Thanks to everyone who bought the book, and a special thanks to anyone who took the time to leave a review. One of the reviewers, FairyGirl, is a regular poster here, so if you're reading this FairyGirl, thanks a bunch!


----------



## Neekeebee (Jan 10, 2009)

Hi Karen,

I recently read _Life on Hold_ and just finished _Favorite_. I have to say, I could not put either one down! _Favorite_ was very different from what I had expected when I started reading it. I love that the characters seemed like real people who were just thrown into bizarre situations. I only wish your books were a little longer so I could spend more time with them!

Keep writing!

N


----------



## Nancy C. Johnson Author (Apr 28, 2010)

Hi, Karen

Just wanted to say hello too. 

And congratulations on all your good fortune with your books, much deserved!

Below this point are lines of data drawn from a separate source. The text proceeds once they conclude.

Lemma tens_delta_col m n (k : 'I_m) (l : 'I_n) :
  (delta_mx k 0 : 'cV[R]_m) *t (delta_mx l 0 : 'cV[R]_n) =
  delta_mx (mxtens_index (k, l)) 0.
Proof.
apply/matrixP => i j.
case: (mxtens_indexP i) => i1 i2; case: (mxtens_indexP j) => j1 j2.
rewrite tensmxE !mxE (ord1 j1) (ord1 j2).
have -> : mxtens_index (0 : 'I_1, 0 : 'I_1) = 0 by apply: val_inj.
rewrite (inj_eq (can_inj (@mxtens_indexK _ _))) xpair_eqE !eqxx !andbT.
by case: (i1 == k); case: (i2 == l); rewrite ?mulr1 ?mulr0.
Qed.

Lemma tensmx11 (A B : 'M[R]_1) : (A *t B) 0 0 = A 0 0 * B 0 0.
Proof. by rewrite mxE (ord1 (mxtens_unindex _).1) (ord1 (mxtens_unindex _).2). Qed.

End Tensor.

Section DotProduct.
Variable C : numClosedFieldType.

Definition dot n (u v : 'cV[C]_n) : C := (u ^t* *m v) 0 0.

Lemma dotE n (u v : 'cV[C]_n) : dot u v = \sum_i (u i 0)^* * v i 0.
Proof. by rewrite /dot mxE; apply: eq_bigr => i _; rewrite !mxE. Qed.

Lemma dotDl n (u w v : 'cV[C]_n) : dot (u + w) v = dot u v + dot w v.
Proof. by rewrite !dotE -big_split; apply: eq_bigr => i _; rewrite !mxE rmorphD mulrDl. Qed.

Lemma dotDr n (u w v : 'cV[C]_n) : dot v (u + w) = dot v u + dot v w.
Proof. by rewrite !dotE -big_split; apply: eq_bigr => i _; rewrite !mxE mulrDr. Qed.

Lemma dotZl n k (u v : 'cV[C]_n) : dot (k *: u) v = k^* * dot u v.
Proof. by rewrite !dotE mulr_sumr; apply: eq_bigr => i _; rewrite !mxE rmorphM mulrA. Qed.

Lemma dotZr n k (u v : 'cV[C]_n) : dot v (k *: u) = k * dot v u.
Proof. by rewrite !dotE mulr_sumr; apply: eq_bigr => i _; rewrite !mxE mulrCA. Qed.

Lemma dotNr n (u v : 'cV[C]_n) : dot v (- u) = - dot v u.
Proof. by rewrite -scaleN1r dotZr mulN1r. Qed.

Lemma dotBl n (u w v : 'cV[C]_n) : dot (u - w) v = dot u v - dot w v.
Proof. by rewrite dotDl -scaleN1r dotZl rmorphN1 mulN1r. Qed.

Lemma dotBr n (u w v : 'cV[C]_n) : dot v (u - w) = dot v u - dot v w.
Proof. by rewrite dotDr dotNr. Qed.

Lemma dot0l n (v : 'cV[C]_n) : dot 0 v = 0.
Proof. by rewrite dotE big1 // => i _; rewrite mxE rmorph0 mul0r. Qed.

Lemma dot0r n (v : 'cV[C]_n) : dot v 0 = 0.
Proof. by rewrite /dot mulmx0 mxE. Qed.

Lemma dot_sumr n (I : Type) (r : seq I) (P : pred I) (u : 'cV[C]_n) F :
  dot u (\sum_(i <- r | P i) F i) = \sum_(i <- r | P i) dot u (F i).
Proof. exact: (big_morph (dot u) (fun x y => dotDr x y u) (dot0r u)). Qed.

Lemma dotC n (u v : 'cV[C]_n) : dot v u = (dot u v)^*.
Proof. by rewrite !dotE rmorph_sum; apply: eq_bigr => i _; rewrite rmorphM /= conjCK mulrC. Qed.

Lemma dot_self_ge0 n (u : 'cV[C]_n) : 0 <= dot u u.
Proof. by rewrite dotE sumr_ge0 // => i _; rewrite -normCKC exprn_ge0. Qed.

Lemma dot_self_eq0 n (u : 'cV[C]_n) : (dot u u == 0) = (u == 0).
Proof.
rewrite dotE psumr_eq0 => [|i _]; last by rewrite -normCKC exprn_ge0.
apply/allP/eqP => [u0|-> i _]; last by rewrite mxE mulr0 eqxx.
apply/matrixP => i j; rewrite [j]ord1 mxE; apply/eqP.
by have := u0 i (mem_index_enum _); rewrite -normCKC sqrf_eq0 normr_eq0.
Qed.

Lemma conj_dot_self n (u : 'cV[C]_n) : (dot u u)^* = dot u u.
Proof. exact: geC0_conj (dot_self_ge0 u). Qed.

Lemma dot_map_conj n (u v : 'cV[C]_n) : dot (map_mx conjC u) (map_mx conjC v) = dot v u.
Proof. by rewrite !dotE; apply: eq_bigr => i _; rewrite !mxE conjCK mulrC. Qed.

Lemma trmxC_mul m n p (A : 'M[C]_(m, n)) (B : 'M[C]_(n, p)) :
  (A *m B) ^t* = B ^t* *m A ^t*.
Proof. by rewrite trmx_mul map_mxM. Qed.

Lemma tr_trmxC m n (A : 'M[C]_(m, n)) : (A ^t*)^T = map_mx conjC A.
Proof. by apply/matrixP => i j; rewrite !mxE. Qed.

Lemma trmxC_map_conj m n (A : 'M[C]_(m, n)) : (map_mx conjC A) ^t* = A^T.
Proof. by apply/matrixP => i j; rewrite !mxE conjCK. Qed.

Lemma dot_mulmx m n (A : 'M[C]_(m, n)) u v : dot u (A *m v) = dot (A ^t* *m u) v.
Proof. by rewrite /dot trmxC_mul trmxCK mulmxA. Qed.

Lemma dot_col_mx m1 m2 (a x : 'cV[C]_m1) (b y : 'cV[C]_m2) :
  dot (col_mx a b) (col_mx x y) = dot a x + dot b y.
Proof. by rewrite /dot tr_col_mx map_row_mx mul_row_col mxE. Qed.

Lemma mulmx_outer n (a b y : 'cV[C]_n) : a *m b ^t* *m y = dot b y *: a.
Proof. by rewrite -mulmxA [b ^t* *m y]mx11_scalar mul_mx_scalar. Qed.

Lemma dot_block_outer n (al be : C) (a b c d x y : 'cV[C]_n) :
  let z := dot x a * dot b y + dot x c * dot d y in
  dot (col_mx x y) (block_mx (be *: 1%:M) (- (a *m b ^t* + c *m d ^t*))
                             (- (b *m a ^t* + d *m c ^t*)) (al *: 1%:M) *m col_mx x y) =
  be * dot x x + al * dot y y - z - z^*.
Proof.
rewrite /= mul_block_col dot_col_mx !mulNmx -!scalemxAl !mul1mx !mulmxDl !mulmx_outer.
rewrite !(dotDr, dotNr, dotZr) (dotC b y) (dotC a x) (dotC d y) (dotC c x).
by rewrite rmorphD !rmorphM /= !conjCK; ring.
Qed.

Lemma mulmx_quadE n (A : 'M[C]_n) (u : 'cV[C]_n) : (u ^t* *m A *m u) 0 0 = dot u (A *m u).
Proof. by rewrite /dot mulmxA. Qed.

Lemma quad_delta n (u : 'cV[C]_n) k l :
  (u ^t* *m delta_mx k l *m u) 0 0 = (u k 0)^* * u l 0.
Proof.
rewrite -(mul_delta_mx (0 : 'I_1)) mulmxA -colE -mulmxA -rowE mxE big_ord1 !mxE.
by [].
Qed.
(* Let $m\ge 0$ and $Z\ge 1$ be integers and let $\gamma,\kappa\ge 2$ be integers with $\gamma\kappa>\gamma+\kappa$. Consider pairs $(\mathbf P,\mathbf L)$ with $\mathbf P\in\{0,\ldots,m\}^{\gamma\times\kappa}$ and $\mathbf L\in\mathbb{Z}_Z^{\gamma\times\kappa}$. For $1\le i_1<i_2\le\gamma$ and $1\le j_1<j_2\le\kappa$, call $(i_1,i_2,j_1,j_2)$ active under $(\mathbf P,\mathbf L)$ if $\mathbf P(i_1,j_1)+\mathbf P(i_2,j_2)=\mathbf P(i_1,j_2)+\mathbf P(i_2,j_1)$ and $\mathbf L(i_1,j_1)+\mathbf L(i_2,j_2)\equiv\mathbf L(i_1,j_2)+\mathbf L(i_2,j_1)\pmod Z$. Call two pairs $(\mathbf P,\mathbf L)$, $(\mathbf P',\mathbf L')$ equivalent if there exist a permutation $\pi_r$ of $[\gamma]$ and a permutation $\pi_c$ of $[\kappa]$ such that $\mathbf P'(\pi_r(i),\pi_c(j))=\mathbf P(i,j)$ and $\mathbf L'(\pi_r(i),\pi_c(j))=\mathbf L(i,j)$ for all $i,j$. Let $N_N$ be the number of equivalence classes of pairs under which no 4-cycle candidate is active. Let $\Delta=(2\gamma-3)(2\kappa-3)$, $I=\frac{(\Delta-1)^{\Delta-1}}{\Delta^{\Delta}}$, $II=\frac{27}{256(\gamma\kappa-\gamma-\kappa)}$. If $\frac{2m^2+4m+3}{3(m+1)^3Z}\le\max\{I,II\}$, then $$N_N\ \ge\ \begin{cases}\dfrac{[Z(m+1)]^{\gamma\kappa}\left(1-\frac{2}{\Delta}\right)^{\binom{\gamma}{2}\binom{\kappa}{2}}}{\gamma!\,\kappa!}, & \text{if } I>II,\\[8pt] \dfrac{[Z(m+1)]^{\gamma\kappa}\left(1-\frac{\gamma\kappa-\gamma-\kappa+1}{4(\gamma\kappa-\gamma-\kappa)}\right)^{\gamma\kappa}}{\gamma!\,\kappa!}, & \text{otherwise.}\end{cases}$$
   Context: Setting: uniform edge spreading (partition matrix $\mathbf P$, memory $m$) and uniform $Z$-lifting (lifting matrix $\mathbf L$) of the all-ones $\gamma\times\kappa$ base matrix; the activation conditions are those for a base-graph 4-cycle to survive spreading and lifting. *)

From HB Require Import structures.
From mathcomp Require Import all_boot all_order all_algebra all_fingroup.
Set Implicit Arguments. Unset Strict Implicit. Unset Printing Implicit Defensive.
Import Order.TTheory GRing.Theory Num.Theory.

(* A pair (P, L): partition matrix with entries in {0..m} and lifting matrix
   with entries in Z_Z = {0..Z-1} (arithmetic taken mod Z). Indices are
   0-based ordinals ('I_g for [gamma], 'I_k for [kappa]). *)
Definition pairT (g k m Z : nat) : finType :=
  ({ffun 'I_g * 'I_k -> 'I_m.+1} * {ffun 'I_g * 'I_k -> 'I_Z})%type.

Definition active g k m Z (PL : pairT g k m Z) (i1 i2 : 'I_g) (j1 j2 : 'I_k) : bool :=
  let P := PL.1 in let L := PL.2 in
  [&& (i1 < i2)%N, (j1 < j2)%N,
      (P (i1, j1) + P (i2, j2) == P (i1, j2) + P (i2, j1))%N &
      ((L (i1, j1) + L (i2, j2)) %% Z == (L (i1, j2) + L (i2, j1)) %% Z)%N].

Definition no_active g k m Z (PL : pairT g k m Z) : bool :=
  [forall i1 : 'I_g, forall i2 : 'I_g, forall j1 : 'I_k, forall j2 : 'I_k,
     ~~ active PL i1 i2 j1 j2].

Definition equiv_pair g k m Z (PL PL' : pairT g k m Z) : bool :=
  [exists pr : 'S_g, exists pc : 'S_k,
     [forall i : 'I_g, forall j : 'I_k,
        (PL'.1 (pr i, pc j) == PL.1 (i, j)) && (PL'.2 (pr i, pc j) == PL.2 (i, j))]].

Definition eq_class g k m Z (PL : pairT g k m Z) : {set pairT g k m Z} :=
  [set PL' | equiv_pair PL PL'].

Definition N_N g k m Z : nat :=
  #|[set eq_class PL | PL in [set PL : pairT g k m Z | no_active PL]]|.

Local Open Scope ring_scope.

Definition Delta (g k : nat) : nat := ((2 * g - 3) * (2 * k - 3))%N.

Definition boundI (g k : nat) : rat :=
  ((Delta g k)%:R - 1) ^+ (Delta g k).-1 / (Delta g k)%:R ^+ (Delta g k).

Definition boundII (g k : nat) : rat :=
  27%:R / (256%:R * (g * k - g - k)%N%:R).

From HB Require Import structures.
From mathcomp Require Import all_boot all_order all_algebra all_fingroup.
From mathcomp Require Import zify ring lra.
Set Implicit Arguments. Unset Strict Implicit. Unset Printing Implicit Defensive.
Import Order.TTheory GRing.Theory Num.Theory.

You've given hope to so many authors struggling to be noticed.

I read about your own struggles with agents and publishers on Joe Konrath's blog.

I hope, A Scattered Life, becomes a movie soon. Wow is all I can say.

I read the sample and was about to download it (loved it) and then they took it away. So I will buy it when it is released soon.

P.S. Will purchase, Life on Hold, also. Thanks for reminding me to do so!!

All the best, Nancy


----------



## Karen_McQ (Aug 9, 2009)

Hi Nancy,

Thanks so much for the hello and congratulations.    I'm always glad to hear when my experience has given other writers hope because when I started out, not too long ago, I was inspired by Boyd Morrison and Joe Konrath. My story has been coming up lately because of the movie option, but there are a lot of writers doing as well or better. Honestly, I think there's room for everyone.


----------